• Exercise goal
In the listing that follows, locate the line containing "Lemma cone_sub_chambersU S" and the line containing "by rewrite invgK;". Retype exactly those two lines and every line between them, and nothing more.

• Extracted material
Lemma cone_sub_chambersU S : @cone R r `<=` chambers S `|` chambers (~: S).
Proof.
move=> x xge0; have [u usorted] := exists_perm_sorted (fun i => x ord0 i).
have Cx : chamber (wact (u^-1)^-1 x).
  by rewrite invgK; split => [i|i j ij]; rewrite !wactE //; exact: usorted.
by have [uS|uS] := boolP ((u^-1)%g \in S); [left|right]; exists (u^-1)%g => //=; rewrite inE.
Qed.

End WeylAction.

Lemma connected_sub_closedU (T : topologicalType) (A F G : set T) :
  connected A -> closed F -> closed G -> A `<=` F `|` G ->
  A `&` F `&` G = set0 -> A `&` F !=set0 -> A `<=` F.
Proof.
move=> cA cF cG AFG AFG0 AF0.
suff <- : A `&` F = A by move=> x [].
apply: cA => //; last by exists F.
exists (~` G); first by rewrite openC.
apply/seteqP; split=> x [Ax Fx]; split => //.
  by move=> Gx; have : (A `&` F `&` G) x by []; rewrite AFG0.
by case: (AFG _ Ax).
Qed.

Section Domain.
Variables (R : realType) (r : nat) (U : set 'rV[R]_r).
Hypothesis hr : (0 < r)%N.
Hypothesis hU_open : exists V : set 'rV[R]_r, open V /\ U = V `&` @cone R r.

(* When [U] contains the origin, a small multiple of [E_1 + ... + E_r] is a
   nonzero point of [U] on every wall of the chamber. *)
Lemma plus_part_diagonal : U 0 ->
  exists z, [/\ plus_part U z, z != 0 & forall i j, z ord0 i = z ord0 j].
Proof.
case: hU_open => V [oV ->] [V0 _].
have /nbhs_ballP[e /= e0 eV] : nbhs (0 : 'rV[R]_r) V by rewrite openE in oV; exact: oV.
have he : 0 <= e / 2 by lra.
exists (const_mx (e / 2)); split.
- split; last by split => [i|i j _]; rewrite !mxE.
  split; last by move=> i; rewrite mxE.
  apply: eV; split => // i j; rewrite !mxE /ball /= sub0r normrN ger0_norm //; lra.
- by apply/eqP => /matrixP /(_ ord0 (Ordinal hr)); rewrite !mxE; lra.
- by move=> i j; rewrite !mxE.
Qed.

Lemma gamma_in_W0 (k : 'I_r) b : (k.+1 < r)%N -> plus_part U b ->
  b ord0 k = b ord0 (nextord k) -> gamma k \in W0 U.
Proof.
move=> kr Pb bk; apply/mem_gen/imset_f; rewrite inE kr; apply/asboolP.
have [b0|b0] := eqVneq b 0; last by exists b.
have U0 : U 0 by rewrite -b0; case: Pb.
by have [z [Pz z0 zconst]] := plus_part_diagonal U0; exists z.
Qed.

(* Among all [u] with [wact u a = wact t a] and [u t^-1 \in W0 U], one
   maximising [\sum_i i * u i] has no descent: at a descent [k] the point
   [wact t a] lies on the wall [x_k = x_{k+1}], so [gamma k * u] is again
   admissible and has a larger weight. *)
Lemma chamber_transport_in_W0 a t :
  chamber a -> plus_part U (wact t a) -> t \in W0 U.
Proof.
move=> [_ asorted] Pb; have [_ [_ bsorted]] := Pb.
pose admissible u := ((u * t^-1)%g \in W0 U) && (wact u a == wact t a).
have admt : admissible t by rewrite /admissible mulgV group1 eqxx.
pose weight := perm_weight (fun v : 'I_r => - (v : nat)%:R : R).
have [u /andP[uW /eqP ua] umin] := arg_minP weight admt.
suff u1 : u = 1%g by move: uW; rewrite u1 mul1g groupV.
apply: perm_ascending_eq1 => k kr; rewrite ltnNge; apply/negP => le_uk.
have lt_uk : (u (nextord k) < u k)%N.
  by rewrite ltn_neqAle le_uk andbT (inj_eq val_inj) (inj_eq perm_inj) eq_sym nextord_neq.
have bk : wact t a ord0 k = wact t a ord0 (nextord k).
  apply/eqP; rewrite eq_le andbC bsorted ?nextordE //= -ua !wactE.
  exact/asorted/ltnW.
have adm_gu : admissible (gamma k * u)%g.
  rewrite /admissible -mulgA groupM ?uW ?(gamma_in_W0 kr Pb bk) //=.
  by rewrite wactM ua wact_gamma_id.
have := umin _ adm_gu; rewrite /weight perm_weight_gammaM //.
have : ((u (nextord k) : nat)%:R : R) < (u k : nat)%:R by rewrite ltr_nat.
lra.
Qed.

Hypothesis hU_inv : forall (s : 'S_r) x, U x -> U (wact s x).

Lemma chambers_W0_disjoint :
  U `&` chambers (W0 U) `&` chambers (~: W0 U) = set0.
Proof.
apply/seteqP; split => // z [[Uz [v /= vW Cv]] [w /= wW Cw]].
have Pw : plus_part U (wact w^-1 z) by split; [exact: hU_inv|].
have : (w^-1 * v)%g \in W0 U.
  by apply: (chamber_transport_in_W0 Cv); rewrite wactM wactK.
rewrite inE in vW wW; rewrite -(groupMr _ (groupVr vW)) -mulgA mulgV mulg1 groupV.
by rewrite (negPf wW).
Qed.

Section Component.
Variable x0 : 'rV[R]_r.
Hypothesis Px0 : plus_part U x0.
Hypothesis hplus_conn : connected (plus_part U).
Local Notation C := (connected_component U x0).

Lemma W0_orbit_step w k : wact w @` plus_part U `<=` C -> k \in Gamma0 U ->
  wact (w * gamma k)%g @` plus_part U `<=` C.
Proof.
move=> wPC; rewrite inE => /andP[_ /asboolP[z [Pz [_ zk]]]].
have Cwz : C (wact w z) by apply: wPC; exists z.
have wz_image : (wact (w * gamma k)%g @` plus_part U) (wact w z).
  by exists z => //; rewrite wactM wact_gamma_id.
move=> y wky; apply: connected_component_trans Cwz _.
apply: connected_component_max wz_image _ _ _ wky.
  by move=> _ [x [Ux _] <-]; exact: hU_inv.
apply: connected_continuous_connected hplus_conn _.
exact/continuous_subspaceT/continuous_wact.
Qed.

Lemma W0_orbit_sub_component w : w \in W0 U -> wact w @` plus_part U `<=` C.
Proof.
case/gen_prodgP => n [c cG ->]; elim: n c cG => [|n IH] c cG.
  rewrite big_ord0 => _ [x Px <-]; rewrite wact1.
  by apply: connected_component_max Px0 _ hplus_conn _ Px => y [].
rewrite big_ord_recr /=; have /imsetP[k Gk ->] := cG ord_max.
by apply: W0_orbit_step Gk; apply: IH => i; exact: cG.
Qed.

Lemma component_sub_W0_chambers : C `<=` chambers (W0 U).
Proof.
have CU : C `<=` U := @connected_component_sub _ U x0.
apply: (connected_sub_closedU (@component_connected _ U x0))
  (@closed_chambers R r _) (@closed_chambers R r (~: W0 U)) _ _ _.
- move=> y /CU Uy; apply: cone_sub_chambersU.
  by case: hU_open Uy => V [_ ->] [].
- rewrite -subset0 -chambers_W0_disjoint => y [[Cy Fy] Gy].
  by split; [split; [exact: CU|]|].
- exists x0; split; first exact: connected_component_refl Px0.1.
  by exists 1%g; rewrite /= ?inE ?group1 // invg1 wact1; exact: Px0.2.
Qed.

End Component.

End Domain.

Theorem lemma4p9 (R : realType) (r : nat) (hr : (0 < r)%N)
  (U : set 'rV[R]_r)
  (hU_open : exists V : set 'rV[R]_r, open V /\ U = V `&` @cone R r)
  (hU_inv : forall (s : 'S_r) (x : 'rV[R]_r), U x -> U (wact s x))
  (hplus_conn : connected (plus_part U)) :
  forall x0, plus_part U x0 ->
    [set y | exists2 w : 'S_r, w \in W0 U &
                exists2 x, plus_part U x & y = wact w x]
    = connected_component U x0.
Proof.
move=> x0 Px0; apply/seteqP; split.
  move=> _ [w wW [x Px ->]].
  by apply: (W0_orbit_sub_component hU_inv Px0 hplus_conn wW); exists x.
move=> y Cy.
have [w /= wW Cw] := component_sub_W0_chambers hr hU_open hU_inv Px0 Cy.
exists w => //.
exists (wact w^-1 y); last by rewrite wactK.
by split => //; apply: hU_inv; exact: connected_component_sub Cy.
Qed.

* * *

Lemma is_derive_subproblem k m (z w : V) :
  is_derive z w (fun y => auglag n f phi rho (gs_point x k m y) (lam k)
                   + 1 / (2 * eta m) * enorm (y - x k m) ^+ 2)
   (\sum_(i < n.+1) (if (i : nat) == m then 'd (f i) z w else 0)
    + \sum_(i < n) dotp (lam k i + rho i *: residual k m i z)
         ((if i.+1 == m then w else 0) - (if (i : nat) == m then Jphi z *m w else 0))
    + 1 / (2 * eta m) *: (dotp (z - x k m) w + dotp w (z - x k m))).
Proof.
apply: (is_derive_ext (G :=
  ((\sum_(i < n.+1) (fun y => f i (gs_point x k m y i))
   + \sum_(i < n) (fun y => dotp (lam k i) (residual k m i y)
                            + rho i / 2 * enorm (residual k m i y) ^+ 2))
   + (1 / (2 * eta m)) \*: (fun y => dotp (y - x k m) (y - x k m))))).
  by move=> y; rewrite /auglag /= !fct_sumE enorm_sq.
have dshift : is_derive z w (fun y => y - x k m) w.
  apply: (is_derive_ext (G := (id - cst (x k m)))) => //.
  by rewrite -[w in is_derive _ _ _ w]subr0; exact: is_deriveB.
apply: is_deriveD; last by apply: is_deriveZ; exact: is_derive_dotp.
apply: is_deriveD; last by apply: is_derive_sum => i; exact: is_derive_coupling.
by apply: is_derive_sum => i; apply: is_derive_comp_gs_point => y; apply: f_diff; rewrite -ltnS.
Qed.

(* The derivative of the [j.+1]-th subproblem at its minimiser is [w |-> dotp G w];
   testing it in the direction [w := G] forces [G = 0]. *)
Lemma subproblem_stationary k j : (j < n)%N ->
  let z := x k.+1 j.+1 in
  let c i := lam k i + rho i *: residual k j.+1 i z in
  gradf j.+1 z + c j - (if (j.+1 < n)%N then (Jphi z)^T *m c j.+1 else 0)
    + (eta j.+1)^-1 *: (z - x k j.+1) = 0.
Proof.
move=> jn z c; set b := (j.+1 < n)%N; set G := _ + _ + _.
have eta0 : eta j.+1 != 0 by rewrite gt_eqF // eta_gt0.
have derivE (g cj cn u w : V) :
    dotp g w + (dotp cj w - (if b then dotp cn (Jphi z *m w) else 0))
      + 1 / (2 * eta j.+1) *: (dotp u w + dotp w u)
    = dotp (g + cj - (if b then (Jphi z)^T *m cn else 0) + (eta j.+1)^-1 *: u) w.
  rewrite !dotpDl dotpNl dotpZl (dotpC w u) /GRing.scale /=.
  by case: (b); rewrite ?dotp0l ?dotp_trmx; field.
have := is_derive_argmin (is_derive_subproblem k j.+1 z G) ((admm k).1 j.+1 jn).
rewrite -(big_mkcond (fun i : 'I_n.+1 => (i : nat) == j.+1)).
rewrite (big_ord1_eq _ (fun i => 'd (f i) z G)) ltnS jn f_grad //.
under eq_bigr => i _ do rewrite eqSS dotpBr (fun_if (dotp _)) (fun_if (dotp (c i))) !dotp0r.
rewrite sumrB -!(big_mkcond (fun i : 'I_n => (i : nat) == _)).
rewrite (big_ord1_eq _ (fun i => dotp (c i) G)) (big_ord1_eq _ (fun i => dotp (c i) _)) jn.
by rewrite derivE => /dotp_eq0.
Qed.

==

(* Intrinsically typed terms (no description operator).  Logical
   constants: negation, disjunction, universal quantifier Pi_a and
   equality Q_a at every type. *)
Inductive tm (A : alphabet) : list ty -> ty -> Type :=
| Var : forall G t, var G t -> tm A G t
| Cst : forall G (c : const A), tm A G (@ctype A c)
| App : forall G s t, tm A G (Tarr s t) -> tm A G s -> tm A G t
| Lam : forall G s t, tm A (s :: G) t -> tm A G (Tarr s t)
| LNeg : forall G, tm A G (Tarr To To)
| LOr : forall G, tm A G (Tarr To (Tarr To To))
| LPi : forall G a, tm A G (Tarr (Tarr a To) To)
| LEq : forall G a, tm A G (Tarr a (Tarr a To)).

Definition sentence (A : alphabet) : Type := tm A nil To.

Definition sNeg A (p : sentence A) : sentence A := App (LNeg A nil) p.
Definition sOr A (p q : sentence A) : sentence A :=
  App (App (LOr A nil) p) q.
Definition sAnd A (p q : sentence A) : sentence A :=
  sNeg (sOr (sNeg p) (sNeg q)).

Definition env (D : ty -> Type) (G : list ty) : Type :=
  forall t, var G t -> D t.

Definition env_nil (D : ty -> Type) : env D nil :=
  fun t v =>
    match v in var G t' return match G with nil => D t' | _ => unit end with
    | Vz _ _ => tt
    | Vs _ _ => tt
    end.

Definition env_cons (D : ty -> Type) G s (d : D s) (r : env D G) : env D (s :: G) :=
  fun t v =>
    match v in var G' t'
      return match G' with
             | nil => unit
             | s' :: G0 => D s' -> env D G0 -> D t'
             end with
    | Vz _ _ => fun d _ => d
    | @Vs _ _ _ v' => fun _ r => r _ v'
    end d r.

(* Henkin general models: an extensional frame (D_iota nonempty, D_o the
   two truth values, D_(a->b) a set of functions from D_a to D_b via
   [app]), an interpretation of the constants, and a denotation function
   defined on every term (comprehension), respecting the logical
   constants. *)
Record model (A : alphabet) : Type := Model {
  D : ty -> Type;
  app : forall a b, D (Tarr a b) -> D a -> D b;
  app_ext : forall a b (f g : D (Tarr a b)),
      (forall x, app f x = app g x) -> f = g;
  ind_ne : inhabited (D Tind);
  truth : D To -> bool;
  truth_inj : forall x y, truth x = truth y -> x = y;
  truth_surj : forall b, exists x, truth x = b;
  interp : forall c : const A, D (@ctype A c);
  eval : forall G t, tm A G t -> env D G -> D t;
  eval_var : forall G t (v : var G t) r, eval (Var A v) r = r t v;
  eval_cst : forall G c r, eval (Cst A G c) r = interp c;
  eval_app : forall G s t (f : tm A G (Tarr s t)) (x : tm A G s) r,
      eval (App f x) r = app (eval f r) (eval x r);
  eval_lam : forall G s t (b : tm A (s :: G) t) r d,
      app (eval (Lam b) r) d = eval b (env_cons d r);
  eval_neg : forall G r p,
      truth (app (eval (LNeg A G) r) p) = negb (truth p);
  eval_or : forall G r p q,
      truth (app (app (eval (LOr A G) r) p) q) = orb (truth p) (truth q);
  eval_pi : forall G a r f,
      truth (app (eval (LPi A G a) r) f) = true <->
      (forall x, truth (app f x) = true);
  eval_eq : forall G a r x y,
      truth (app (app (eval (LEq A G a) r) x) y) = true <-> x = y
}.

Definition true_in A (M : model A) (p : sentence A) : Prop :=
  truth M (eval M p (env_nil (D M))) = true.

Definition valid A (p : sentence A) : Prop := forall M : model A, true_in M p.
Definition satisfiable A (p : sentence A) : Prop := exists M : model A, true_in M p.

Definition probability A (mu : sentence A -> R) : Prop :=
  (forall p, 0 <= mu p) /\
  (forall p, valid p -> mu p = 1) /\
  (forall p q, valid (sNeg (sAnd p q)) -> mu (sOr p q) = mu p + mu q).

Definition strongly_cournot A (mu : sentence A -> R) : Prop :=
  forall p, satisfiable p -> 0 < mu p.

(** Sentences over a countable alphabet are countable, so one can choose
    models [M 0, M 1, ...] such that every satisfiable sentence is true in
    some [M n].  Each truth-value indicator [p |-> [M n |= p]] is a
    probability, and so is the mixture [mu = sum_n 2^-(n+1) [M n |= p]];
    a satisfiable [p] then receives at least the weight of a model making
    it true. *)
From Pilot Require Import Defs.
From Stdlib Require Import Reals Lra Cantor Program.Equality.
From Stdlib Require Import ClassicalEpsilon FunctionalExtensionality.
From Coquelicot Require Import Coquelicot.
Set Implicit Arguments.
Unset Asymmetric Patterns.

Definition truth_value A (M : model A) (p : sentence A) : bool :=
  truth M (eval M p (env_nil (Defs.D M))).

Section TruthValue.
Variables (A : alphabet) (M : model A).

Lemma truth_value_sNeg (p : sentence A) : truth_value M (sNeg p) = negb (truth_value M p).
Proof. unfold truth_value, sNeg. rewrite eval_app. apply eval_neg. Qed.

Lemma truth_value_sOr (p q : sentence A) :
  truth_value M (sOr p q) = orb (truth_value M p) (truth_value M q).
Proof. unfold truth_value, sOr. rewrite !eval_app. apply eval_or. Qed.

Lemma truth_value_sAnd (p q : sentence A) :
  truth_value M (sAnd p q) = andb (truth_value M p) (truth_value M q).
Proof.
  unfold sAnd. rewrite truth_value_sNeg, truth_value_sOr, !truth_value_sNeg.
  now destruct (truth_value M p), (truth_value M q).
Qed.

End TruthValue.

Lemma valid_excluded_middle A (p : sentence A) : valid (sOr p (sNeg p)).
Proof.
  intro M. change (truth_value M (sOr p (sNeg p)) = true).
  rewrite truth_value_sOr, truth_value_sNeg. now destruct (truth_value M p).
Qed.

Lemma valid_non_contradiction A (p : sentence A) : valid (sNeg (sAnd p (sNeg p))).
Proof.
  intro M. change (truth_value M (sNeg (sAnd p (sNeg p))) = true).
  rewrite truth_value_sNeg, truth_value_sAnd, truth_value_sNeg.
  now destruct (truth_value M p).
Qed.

• Solution for this task
Lemma cone_sub_chambersU S : @cone R r `<=` chambers S `|` chambers (~: S).
Proof.
move=> x xge0; have [u usorted] := exists_perm_sorted (fun i => x ord0 i).
have Cx : chamber (wact (u^-1)^-1 x).
  by rewrite invgK; split => [i|i j ij]; rewrite !wactE //; exact: usorted.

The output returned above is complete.